Energy dissipation in thin metallic shells under projectile impact

• Behaviour of spherical shells against blunt and ogive nosed projectile impact.
• Energy absorption characteristics in different deformation modes.
• Failure mechanism through perforation and maximum crown deformation.
• Strain energy computation in radial, polar, elevation and shear direction.

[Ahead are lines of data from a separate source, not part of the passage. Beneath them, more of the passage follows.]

(* Let $\mathcal{M}$ be a model category with localization functor $h:\mathcal{M}\to\mathbf{Ho}(\mathcal{M})$. If two diagrams $F:\underline{I}\to\mathcal{M}$ and $G:\underline{J}\to\mathcal{M}$ (objects of $\mathrm{diag}(\mathcal{M})$) are related by a span $F\leftarrow H\rightarrow G$ in $\mathrm{diag}(\mathcal{M})$ of maps which are open up to homotopy, then $F$ and $G$ are bisimilar up to homotopy.
   Context: For a category $\mathcal{K}$, $\mathrm{diag}(\mathcal{K})$ has as objects functors $F:\underline{I}\to\mathcal{K}$ from small categories; a morphism from $F:\underline{I}_1\to\mathcal{K}$ to $G:\underline{I}_2\to\mathcal{K}$ is a pair $(f,\mu)$ with $f:\underline{I}_1\to\underline{I}_2$ a functor and $\mu:F\Rightarrow G\circ f$ a natural transformation; composition $(g,\nu)(f,\mu)=(gf,(\nu f)\odot\mu)$. A morphism $(f,\mu):F\to G$ is open if $f$ is surjective on objects, every morphism $f(i)\to j'$ of $\underline{I}_2$ is the image $f(\phi)$ of some morphism $\phi:i\to j$ of $\underline{I}_1$, and $\mu$ is a natural isomorphism. Two objects $F:\underline{I}\to\mathcal{K}$, $G:\underline{J}\to\mathcal{K}$ are bisimilar if there is a set $\mathcal{R}$ of triples $(i,\eta,j)$, $i\in\underline{I}$, $j\in\underline{J}$, $\eta:F(i)\cong G(j)$ an isomorphism, such that every object of $\underline{I}$ and every object of $\underline{J}$ occurs in some triple; for every $(i,\eta,j)\in\mathcal{R}$ and $\phi:i\to i'$ there are $(i',\eta',j')\in\mathcal{R}$ and $\psi:j\to j'$ with $\eta'F(\phi)=G(\psi)\eta$; and symmetrically for every $(i,\eta,j)\in\mathcal{R}$ and $\psi:j\to j'$ there are $(i',\eta',j')\in\mathcal{R}$ and $\phi:i\to i'$ with $\eta'F(\phi)=G(\psi)\eta$. A morphism $(f,\mu):F\to G$ of $\mathrm{diag}(\mathcal{M})$ is open up to homotopy if $(f,h\mu):h\circ F\to h\circ G$ is open in $\mathrm{diag}(\mathbf{Ho}(\mathcal{M}))$; $F,G$ are bisimilar up to homotopy if $h\circ F$ and $h\circ G$ are bisimilar. *)

Set Implicit Arguments.
Unset Strict Implicit.

Record Category := {
  ob :> Type;
  hom : ob -> ob -> Type;
  idm : forall x, hom x x;
  cmp : forall x y z, hom y z -> hom x y -> hom x z;
  cmp_id_l : forall x y (f : hom x y), cmp (idm y) f = f;
  cmp_id_r : forall x y (f : hom x y), cmp f (idm x) = f;
  cmp_assoc : forall x y z w (f : hom x y) (g : hom y z) (k : hom z w),
      cmp k (cmp g f) = cmp (cmp k g) f
}.
Arguments hom {c} x y.
Arguments idm {c} x.
Arguments cmp {c x y z} g f.
Notation "g \o f" := (cmp g f) (at level 40, left associativity).

Definition isIso {C : Category} {x y : C} (f : hom x y) : Prop :=
  exists g : hom y x, g \o f = idm x /\ f \o g = idm y.

Record Functor (C D : Category) := {
  fob :> C -> D;
  fmap : forall x y, hom x y -> hom (fob x) (fob y);
  fmap_id : forall x, fmap (idm x) = idm (fob x);
  fmap_cmp : forall x y z (f : hom x y) (g : hom y z),
      fmap (g \o f) = fmap g \o fmap f
}.
Arguments fmap {C D} f0 {x y} _.

Definition compF {C D E : Category} (F : Functor C D) (G : Functor D E)
  : Functor C E.
Proof.
  refine {| fob := fun x => G (F x);
            fmap := fun x y f => fmap G (fmap F f) |}.
  - intros x; rewrite !fmap_id; reflexivity.
  - intros x y z f g; rewrite !fmap_cmp; reflexivity.
Defined.

Record NatTrans {C D : Category} (F G : Functor C D) := {
  ntc :> forall x, hom (F x) (G x);
  nt_nat : forall x y (f : hom x y), ntc y \o fmap F f = fmap G f \o ntc x
}.

Definition hcast {C : Category} {x x' y y' : C} (ex : x = x') (ey : y = y')
  (f : hom x y) : hom x' y' :=
  match ex in _ = x1 return hom x1 y' with
  | eq_refl => match ey in _ = y1 return hom x y1 with eq_refl => f end
  end.

Definition feq {C D : Category} (F G : Functor C D) : Prop :=
  exists e : forall x, F x = G x,
    forall x y (f : hom x y), hcast (e x) (e y) (fmap F f) = fmap G f.

Definition opCat (C : Category) : Category.
Proof.
  refine {| ob := ob C; hom := fun x y => @hom C y x; idm := fun x => @idm C x;
            cmp := fun x y z g f => @cmp C z y x f g |}.
  - intros; apply cmp_id_r.
  - intros; apply cmp_id_l.
  - intros; symmetry; apply cmp_assoc.
Defined.

Definition has_terminal (C : Category) : Prop :=
  exists t : C, forall x : C, exists u : hom x t, forall u' : hom x t, u' = u.

Definition has_binary_products (C : Category) : Prop :=
  forall a b : C, exists (p : C) (pa : hom p a) (pb : hom p b),
    forall (x : C) (f : hom x a) (g : hom x b),
      exists u : hom x p, (pa \o u = f /\ pb \o u = g) /\
        forall u' : hom x p, pa \o u' = f -> pb \o u' = g -> u' = u.

Definition has_equalizers (C : Category) : Prop :=
  forall (a b : C) (f g : hom a b), exists (e : C) (m : hom e a),
    f \o m = g \o m /\
    forall (x : C) (k : hom x a), f \o k = g \o k ->
      exists u : hom x e, m \o u = k /\ forall u' : hom x e, m \o u' = k -> u' = u.

Definition has_finite_limits (C : Category) : Prop :=
  has_terminal C /\ has_binary_products C /\ has_equalizers C.

Definition has_finite_colimits (C : Category) : Prop :=
  has_finite_limits (opCat C).

Definition morClass (C : Category) := forall x y : C, hom x y -> Prop.

Definition is_retract {C : Category} {a b c d : C} (f : hom a b) (g : hom c d) : Prop :=
  exists (i : hom a c) (r : hom c a) (i' : hom b d) (r' : hom d b),
    r \o i = idm a /\ r' \o i' = idm b /\ g \o i = i' \o f /\ f \o r = r' \o g.

Definition lifts {C : Category} {a b x y : C} (i : hom a b) (p : hom x y) : Prop :=
  forall (u : hom a x) (v : hom b y), p \o u = v \o i ->
    exists l : hom b x, l \o i = u /\ p \o l = v.

Definition retract_closed {C : Category} (K : morClass C) : Prop :=
  forall (a b c d : C) (f : hom a b) (g : hom c d), is_retract f g -> K _ _ g -> K _ _ f.

Record ModelStructure (C : Category) := {
  weq : morClass C;
  cof : morClass C;
  fib : morClass C;
  MC1_lim : has_finite_limits C;
  MC1_colim : has_finite_colimits C;
  MC2_comp : forall (x y z : C) (f : hom x y) (g : hom y z),
      weq f -> weq g -> weq (g \o f);
  MC2_left : forall (x y z : C) (f : hom x y) (g : hom y z),
      weq f -> weq (g \o f) -> weq g;
  MC2_right : forall (x y z : C) (f : hom x y) (g : hom y z),
      weq g -> weq (g \o f) -> weq f;
  MC3_weq : retract_closed weq;
  MC3_cof : retract_closed cof;
  MC3_fib : retract_closed fib;
  MC4_cof : forall (a b x y : C) (i : hom a b) (p : hom x y),
      cof i -> fib p -> weq p -> lifts i p;
  MC4_fib : forall (a b x y : C) (i : hom a b) (p : hom x y),
      cof i -> weq i -> fib p -> lifts i p;
  MC5_cof : forall (x y : C) (f : hom x y), exists (z : C) (i : hom x z) (p : hom z y),
      f = p \o i /\ cof i /\ weq i /\ fib p;
  MC5_fib : forall (x y : C) (f : hom x y), exists (z : C) (i : hom x z) (p : hom z y),
      f = p \o i /\ cof i /\ fib p /\ weq p
}.
Arguments weq {C} m {x y} f.
Arguments cof {C} m {x y} f.
Arguments fib {C} m {x y} f.

Definition is_localization {C : Category} (W : morClass C) (D : Category)
  (h : Functor C D) : Prop :=
  (forall (x y : C) (f : hom x y), W x y f -> isIso (fmap h f)) /\
  forall (E : Category) (G : Functor C E),
    (forall (x y : C) (f : hom x y), W x y f -> isIso (fmap G f)) ->
    exists G' : Functor D E, feq (compF h G') G /\
      forall G'' : Functor D E, feq (compF h G'') G -> feq G'' G'.

Arguments is_localization {C} W D h.

(* An object of diag(K) is a functor F : I -> K from a (small) category I. *)
Record DiagMor {K I1 I2 : Category} (F : Functor I1 K) (G : Functor I2 K) := {
  dm_fun : Functor I1 I2;
  dm_nt : NatTrans F (compF dm_fun G)
}.
Arguments dm_fun {K I1 I2 F G} d.
Arguments dm_nt {K I1 I2 F G} d.

Definition is_open {K I1 I2 : Category} {F : Functor I1 K} {G : Functor I2 K}
  (m : DiagMor F G) : Prop :=
  (forall j : I2, exists i : I1, dm_fun m i = j) /\
  (forall (i : I1) (j' : I2) (g : hom (dm_fun m i) j'),
     exists (j : I1) (e : dm_fun m j = j') (phi : hom i j),
       hcast eq_refl e (fmap (dm_fun m) phi) = g) /\
  (forall i : I1, isIso (dm_nt m i)).

Definition whiskerNT {K L I1 I2 : Category} (h : Functor K L)
  (F : Functor I1 K) (G : Functor I2 K) (f : Functor I1 I2)
  (mu : NatTrans F (compF f G)) :
  NatTrans (compF F h) (compF f (compF G h)).
Proof.
  refine (@Build_NatTrans _ _ (compF F h) (compF f (compF G h))
            (fun i => fmap h (mu i)) _).
  intros x y phi; simpl.
  rewrite <- !fmap_cmp. f_equal. exact (nt_nat mu phi).
Defined.

Definition diag_whisker {K L I1 I2 : Category} (h : Functor K L)
  {F : Functor I1 K} {G : Functor I2 K} (m : DiagMor F G)
  : DiagMor (compF F h) (compF G h) :=
  {| dm_fun := dm_fun m; dm_nt := whiskerNT h (dm_nt m) |}.

Definition open_up_to_homotopy {M HoM I1 I2 : Category} (h : Functor M HoM)
  {F : Functor I1 M} {G : Functor I2 M} (m : DiagMor F G) : Prop :=
  is_open (diag_whisker h m).

(* The set R of triples (i, eta, j) is a relation R i j eta, all of whose
   members eta are isomorphisms. *)
Definition bisimilar {K I J : Category} (F : Functor I K) (G : Functor J K) : Prop :=
  exists R : forall (i : I) (j : J), hom (F i) (G j) -> Prop,
    (forall i j (eta : hom (F i) (G j)), R i j eta -> isIso eta) /\
    (forall i : I, exists j eta, R i j eta) /\
    (forall j : J, exists i eta, R i j eta) /\
    (forall i j (eta : hom (F i) (G j)) (i' : I) (phi : hom i i'), R i j eta ->
       exists (j' : J) (eta' : hom (F i') (G j')) (psi : hom j j'),
         R i' j' eta' /\ eta' \o fmap F phi = fmap G psi \o eta) /\
    (forall i j (eta : hom (F i) (G j)) (j' : J) (psi : hom j j'), R i j eta ->
       exists (i' : I) (eta' : hom (F i') (G j')) (phi : hom i i'),
         R i' j' eta' /\ eta' \o fmap F phi = fmap G psi \o eta).

Definition bisimilar_up_to_homotopy {M HoM I J : Category} (h : Functor M HoM)
  (F : Functor I M) (G : Functor J M) : Prop :=
  bisimilar (compF F h) (compF G h).


(* For a span F <- H -> G of open maps (p, mu), (q, nu) of diag(K), the triples
   (p l, nu_l o mu_l^-1, q l) form a bisimulation: surjectivity of p and q on
   objects puts every index in some triple, and a move out of p l (resp. q l)
   lifts along the open map to a morphism l -> l' of the index category of H,
   whose image under the other leg is the answering move; the square commutes
   by naturality of mu and nu.  Being open or bisimilar up to homotopy is
   being so in diag(Ho M), so the proposition is this fact for K = Ho M. *)

Lemma isIso_cmp {C : Category} {x y z : C} (f : hom x y) (g : hom y z) :
  isIso f -> isIso g -> isIso (g \o f).
Proof.
  intros [f' [Hf'f Hff']] [g' [Hg'g Hgg']].
  exists (f' \o g'). split.
  - rewrite cmp_assoc, <- (cmp_assoc g g' f'), Hg'g, cmp_id_r. exact Hf'f.
  - rewrite cmp_assoc, <- (cmp_assoc f' f g), Hff', cmp_id_r. exact Hgg'.
Qed.

Lemma square_inv {C : Category} {a b c d : C} (m : hom a b) (minv : hom b a)
  (m' : hom c d) (minv' : hom d c) (x : hom b d) (y : hom a c) :
  m \o minv = idm b -> minv' \o m' = idm c -> x \o m = m' \o y ->
  minv' \o x = y \o minv.
Proof.
  intros Hmminv Hminv'm' Hsq.
  rewrite <- (cmp_id_r (minv' \o x)), <- Hmminv, cmp_assoc.
  rewrite <- (cmp_assoc m x minv'), Hsq, (cmp_assoc y m' minv'), Hminv'm', cmp_id_l.
  reflexivity.
Qed.

Section SpanBisimulation.
Context {K I J L : Category} {F : Functor I K} {G : Functor J K} {H : Functor L K}
  (p : DiagMor H F) (q : DiagMor H G).

Inductive span_rel : forall (i : I) (j : J), hom (F i) (G j) -> Prop :=
  span_rel_intro (l : L) (pinv : hom (F (dm_fun p l)) (H l)) :
    pinv \o dm_nt p l = idm (H l) -> dm_nt p l \o pinv = idm _ ->
    span_rel (dm_fun p l) (dm_fun q l) (dm_nt q l \o pinv).

Lemma span_rel_iso (q_iso : forall l, isIso (dm_nt q l))
  (i : I) (j : J) (eta : hom (F i) (G j)) :
  span_rel i j eta -> isIso eta.
Proof.
  intros [l pinv Hpinvp Hppinv].
  apply isIso_cmp; [exists (dm_nt p l); split; assumption | apply q_iso].
Qed.

Lemma span_rel_at (p_iso : forall l, isIso (dm_nt p l)) (l : L) :
  exists eta, span_rel (dm_fun p l) (dm_fun q l) eta.
Proof.
  destruct (p_iso l) as [pinv [Hpinvp Hppinv]].
  exists (dm_nt q l \o pinv). constructor; assumption.
Qed.

Lemma span_rel_move (p_iso : forall l, isIso (dm_nt p l))
  {l l' : L} (chi : hom l l') {pinv : hom (F (dm_fun p l)) (H l)} :
  dm_nt p l \o pinv = idm _ ->
  exists eta', span_rel (dm_fun p l') (dm_fun q l') eta' /\
    eta' \o fmap F (fmap (dm_fun p) chi)
    = fmap G (fmap (dm_fun q) chi) \o (dm_nt q l \o pinv).
Proof.
  intros Hppinv.
  destruct (p_iso l') as [pinv' [Hpinv'p' Hp'pinv']].
  exists (dm_nt q l' \o pinv'). split; [constructor; assumption |].
  assert (p_nat := nt_nat (dm_nt p) chi).
  assert (q_nat := nt_nat (dm_nt q) chi).
  simpl in p_nat, q_nat.
  assert (pinv_nat := square_inv _ _ _ _ _ _ Hppinv Hpinv'p' (eq_sym p_nat)).
  rewrite <- cmp_assoc, pinv_nat, cmp_assoc.
  etransitivity; [exact (f_equal (fun t => t \o pinv) q_nat) |].
  symmetry; apply cmp_assoc.
Qed.

End SpanBisimulation.

Lemma span_of_open_bisimilar {K I J L : Category}
  {F : Functor I K} {G : Functor J K} {H : Functor L K}
  (p : DiagMor H F) (q : DiagMor H G) :
  is_open p -> is_open q -> bisimilar F G.
Proof.
  intros [p_surj [p_lift p_iso]] [q_surj [q_lift q_iso]].
  exists (span_rel p q). repeat split.
  - exact (span_rel_iso p q q_iso).
  - intros i. destruct (p_surj i) as [l <-].
    destruct (span_rel_at p q p_iso l) as [eta Heta]. eauto.
  - intros j. destruct (q_surj j) as [l <-].
    destruct (span_rel_at p q p_iso l) as [eta Heta]. eauto.
  - intros i j eta i' phi Heta; destruct Heta as [l pinv _ Hppinv].
    destruct (p_lift l i' phi) as [l' [<- [chi <-]]].
    destruct (span_rel_move p q p_iso chi Hppinv) as [eta' [Heta' Hsq]].
    exists (dm_fun q l'), eta', (fmap (dm_fun q) chi). split; assumption.
  - intros i j eta j' psi Heta; destruct Heta as [l pinv _ Hppinv].
    destruct (q_lift l j' psi) as [l' [<- [chi <-]]].
    destruct (span_rel_move p q p_iso chi Hppinv) as [eta' [Heta' Hsq]].
    exists (dm_fun p l'), eta', (fmap (dm_fun p) chi). split; assumption.
Qed.

Theorem proposition5p5 (M : Category) (MS : ModelStructure M)
  (HoM : Category) (h : Functor M HoM)
  (hloc : is_localization (fun x y (f : hom x y) => weq MS f) HoM h)
  (I J L : Category) (F : Functor I M) (G : Functor J M) (H : Functor L M)
  (p : DiagMor H F) (q : DiagMor H G) :
  open_up_to_homotopy h p -> open_up_to_homotopy h q ->
  bisimilar_up_to_homotopy h F G.
Proof.
  exact (span_of_open_bisimilar (diag_whisker h p) (diag_whisker h q)).
Qed.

The ballistic performance of hemispherical aluminium shells was studied and the energy absorption in different modes of deformation has been computed. The experiments were performed wherein blunt and ogive nosed steel projectiles of 19 mm diameter were fired on 0.7–1.5 mm thick 1100-H12 aluminum hemispherical shells of different effective spans. The mechanics of deformation and energy absorption capacity was found to be significantly influenced by the shell thickness and projectile nose shape. The ogive nosed projectile caused failure through perforation by petal formation. Against blunt nosed projectile, however, the shells underwent significant dishing and reverse bending and thus defeated the projectile by dissipating its energy in global plastic deformation. The experimental findings were reproduced numerically on ABAQUS/Explicit finite element code. The numerical results were further employed for the computation of plastic strain energy in stretching in polar, radial, elevation and shear directions of the shell in order to eventually extract the total energy absorbed in plastic deformation. For a given span diameter and thickness of shell, the energy dissipation was found maximum in shear stretching while it was minimum in polar stretching of the material.